Since Sephora's website utilizes Angularjs, BeautifulSoup does not work to scrape the data. I solved this by parsing through the raw html string using regular expressions. For example, line 27 in sephora_scraper.py:

products = unicode(re.search(r"(?<=products).*?(?=meta)", html).group(0)).replace('}}],"', '}}').replace('":[{', '{')

This line takes a slice of the html string between the words products and meta, then deletes some of the bracket junk at the start and end of the returned string.

products appears to be a JSON object loaded with the web page. In lines 29 to 48 of sephora_scraper.py, I split the JSON string into seperate products, then read the data for each product using the python json package, and save the information that I want to use into a python dictionary.

Lines 50 to 63 then loads each product page to add additional data to the dictionary that isn't available on the product search page, and saves out the dictionary to a pickle file.

Transforming the Data

Start a Jupyter notebook with the command

ipython notebook

Open the notebook sephora_data_clean.ipynb. Running the cells in the notebook will

  • read in the pickled data file
  • transform the data into a pandas dataframe
  • add a column for the Bayesian estimate
  • output two csv files, sephora.csv and sephora-table.csv

The two csv files are utilized by the javascript file, sephora.js, to create a table and some d3 charts.
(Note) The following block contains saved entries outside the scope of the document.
Import Order.TTheory GRing.Theory Num.Theory.
Local Open Scope classical_set_scope.
Local Open Scope ring_scope.

Record TopGroup := {
  tg_car :> topologicalType;
  tg_mul : tg_car -> tg_car -> tg_car;
  tg_inv : tg_car -> tg_car;
  tg_one : tg_car;
  tg_mulA : forall x y z, tg_mul x (tg_mul y z) = tg_mul (tg_mul x y) z;
  tg_mul1 : forall x, tg_mul tg_one x = x;
  tg_mulV : forall x, tg_mul (tg_inv x) x = tg_one;
  tg_mul_cont : continuous (fun xy : tg_car * tg_car => tg_mul xy.1 xy.2);
  tg_inv_cont : continuous tg_inv }.

Definition is_hom (F G : TopGroup) (phi : F -> G) :=
  forall x y, phi (tg_mul x y) = tg_mul (phi x) (phi y).

(** A point (t_j p_j)_j is represented by the pair of sequences (t, p), with
   the convention p_j = e whenever t_j = 0 (p_j is irrelevant there), which
   gives a canonical representative of each point. *)
Definition EPcond (P : TopGroup) (x : (nat -> Rdefinitions.R) * (nat -> P)) : Prop :=
  [/\ forall j, 0 <= x.1 j <= 1,
      exists n : nat, (forall j : nat, (n <= j)%N -> x.1 j = 0) /\ \sum_(j < n) x.1 j = 1
    & forall j, x.1 j = 0 -> x.2 j = tg_one P].

Definition EP (P : TopGroup) := {x : (nat -> Rdefinitions.R) * (nat -> P) | EPcond x}.

HB.instance Definition _ (P : TopGroup) := gen_eqMixin (EP P).
HB.instance Definition _ (P : TopGroup) := gen_choiceMixin (EP P).

Definition tau (P : TopGroup) (i : nat) (x : EP P) : Rdefinitions.R := (sval x).1 i.
Definition gam (P : TopGroup) (i : nat) (x : EP P) : P := (sval x).2 i.

(** Subbase of the topology of EP: preimages tau_i^{-1}(U), U open, and
    gamma_i^{-1}(V) = {x | tau_i x > 0 /\ p_i in V}, V open (gamma_i is
    defined on the open set tau_i^{-1}(]0,1])). *)
Definition EP_subbase (P : TopGroup) : set (set (EP P)) :=
  [set S | (exists i (U : set Rdefinitions.R), open U /\ S = tau i @^-1` U) \/
           (exists i (V : set P), open V /\
              S = [set x | 0 < tau i x /\ V (gam i x)])].

HB.instance Definition _ (P : TopGroup) :=
  isPointed.Build (set (EP P)) set0.

HB.instance Definition _ (P : TopGroup) :=
  @isSubBaseTopological.Build (EP P) (set (EP P)) (@EP_subbase P) id.

Lemma EPbase_cond (P : TopGroup) :
  EPcond ((fun j => if j == 0%N then 1 else 0), (fun _ => tg_one P)).
Proof.
split => //=.
- by move=> j; case: (j == 0%N); rewrite ?lexx ?ler01.
- by exists 1%N; split; [by case | rewrite big_ord1].
Qed.

Definition EPbase (P : TopGroup) : EP P := exist _ _ (EPbase_cond P).

(** * BP = EP / P: points are the orbits of the right P-action
      (t_j p_j) . g = (t_j (p_j g)), with the quotient topology. *)
Definition orbit (P : TopGroup) (x : EP P) : set (EP P) :=
  [set y | exists g : P, forall j, tau j y = tau j x /\
                         (tau j x <> 0 -> gam j y = tg_mul (gam j x) g)].

Definition BP (P : TopGroup) := {S : set (EP P) | exists x, S = orbit x}.

HB.instance Definition _ (P : TopGroup) := gen_eqMixin (BP P).
HB.instance Definition _ (P : TopGroup) := gen_choiceMixin (BP P).

Definition BPproj (P : TopGroup) (x : EP P) : BP P :=
  exist _ (orbit x) (ex_intro _ x erefl).

Definition BP_open (P : TopGroup) : set (set (BP P)) :=
  [set U : set (BP P) | open (@BPproj P @^-1` U)].

Lemma BP_openT (P : TopGroup) : @BP_open P setT.
Proof. by rewrite /BP_open /= preimage_setT; exact: openT. Qed.

Lemma BP_openI (P : TopGroup) : setI_closed (@BP_open P).
Proof. by move=> A B oA oB; rewrite /BP_open /= preimage_setI; exact: openI. Qed.

Lemma BP_open_bigU (P : TopGroup) (I : Type) (f : I -> set (BP P)) :
  (forall i, @BP_open P (f i)) -> @BP_open P (\bigcup_i f i).
Proof.
by move=> H; rewrite /BP_open /= preimage_bigcup; apply: bigcup_open => i _; exact: H.
Qed.

HB.instance Definition _ (P : TopGroup) :=
  @isOpenTopological.Build (BP P) (@BP_open P) (BP_openT P) (@BP_openI P)
    (@BP_open_bigU P).

Definition BPbase (P : TopGroup) : BP P := BPproj (EPbase P).

Lemma Emap_cond (F G : TopGroup) (phi : F -> G) (x : EP F) :
  EPcond (fun j => tau j x, fun j => if tau j x == 0 then tg_one G else phi (gam j x)).
Proof.
case: x => [[t p] [H1 H2 H3]]; split => //= j.
by rewrite /tau /= => ->; rewrite eqxx.
Qed.

Definition Emap (F G : TopGroup) (phi : F -> G) (x : EP F) : EP G :=
  exist _ _ (Emap_cond phi x).

Definition BPrep (P : TopGroup) (S : BP P) : EP P := projT1 (cid (svalP S)).

(** B phi: the induced map BF -> BG, [x] |-> [E phi x]
    (independent of the representative when phi is a homomorphism) *)
Definition Bmap (F G : TopGroup) (phi : F -> G) (S : BP F) : BP G :=
  BPproj (Emap phi (BPrep S)).

Definition contHom (F G : TopGroup) : set {compact-open, F -> G} :=
  [set phi | continuous (phi : F -> G) /\ is_hom phi].

Definition pointed_cont_map (X Y : topologicalType) (x0 : X) (y0 : Y) :
  set {compact-open, X -> Y} :=
  [set f | continuous (f : X -> Y) /\ f x0 = y0].

From Pilot Require Import Defs.
From HB Require Import structures.
From mathcomp Require Import all_boot all_order all_algebra.
From mathcomp Require Import all_classical all_reals all_analysis.
From mathcomp Require Import Rstruct Rstruct_topology.
From mathcomp Require Import finmap.

(* E phi and B phi are continuous because the topology of EP is initial for the
   coordinates tau_i and gamma_i, and E phi only applies phi to the gamma_i.
   For the continuity of phi |-> E phi in the compact-open topology, fix a
   compact K and an open O containing E phi (K).  By compactness of K it is
   enough to control, near each x in K, a subbasic condition
   gamma_i (E psi x') = psi (gamma_i x') in V.  Near x we may keep
   tau_i >= tau_i x / 2, where gamma_i is continuous, so gamma_i sends these
   points of K into a compact subset C of the Hausdorff group F; since C is
   regular, evaluation (c, psi) |-> psi c is continuous at (gamma_i x, phi) on
   C x R(F, G).  For B, normalising the i-th group coordinate to the unit is a
   continuous section of EP -> BP over tau_i > 0, so compact subsets of BP are
   locally images of compact subsets of EP, and B psi o proj = proj o E psi
   reduces everything to E. *)

Set Implicit Arguments.
Unset Strict Implicit.
Unset Printing Implicit Defensive.
Import Order.TTheory GRing.Theory Num.Theory.
Local Open Scope classical_set_scope.
Local Open Scope ring_scope.

Section TopGroupTheory.
Context {P : TopGroup}.
Local Notation mul := (@tg_mul P).
Local Notation inv := (@tg_inv P).
Local Notation one := (@tg_one P).

Lemma tg_mulgV (x : P) : mul x (inv x) = one.
Proof.
(* x * x^-1 is idempotent, and a group has no idempotent but the unit. *)
have idem : mul (mul x (inv x)) (mul x (inv x)) = mul x (inv x).
  by rewrite -tg_mulA (tg_mulA (inv x)) tg_mulV tg_mul1.
by rewrite -[LHS]tg_mul1 -(tg_mulV (mul x (inv x))) -tg_mulA idem.
Qed.

Lemma tg_mulg1 (x : P) : mul x one = x.
Proof. by rewrite -(tg_mulV x) tg_mulA tg_mulgV tg_mul1. Qed.

Lemma tg_mulgK (x y : P) : mul (mul y x) (inv x) = y.
Proof. by rewrite -tg_mulA tg_mulgV tg_mulg1. Qed.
If you run the web scraper and Jupyter notebook, you will overwrite the csv files downloaded with this repository.

Visualizations

The code for the data visualizations is in the visualizations folder. To view in a web browser, navigate to this folder in a terminal window and start a local server with the command

python -m SimpleHTTPServer

then open a web browser and navigate to localhost:8000.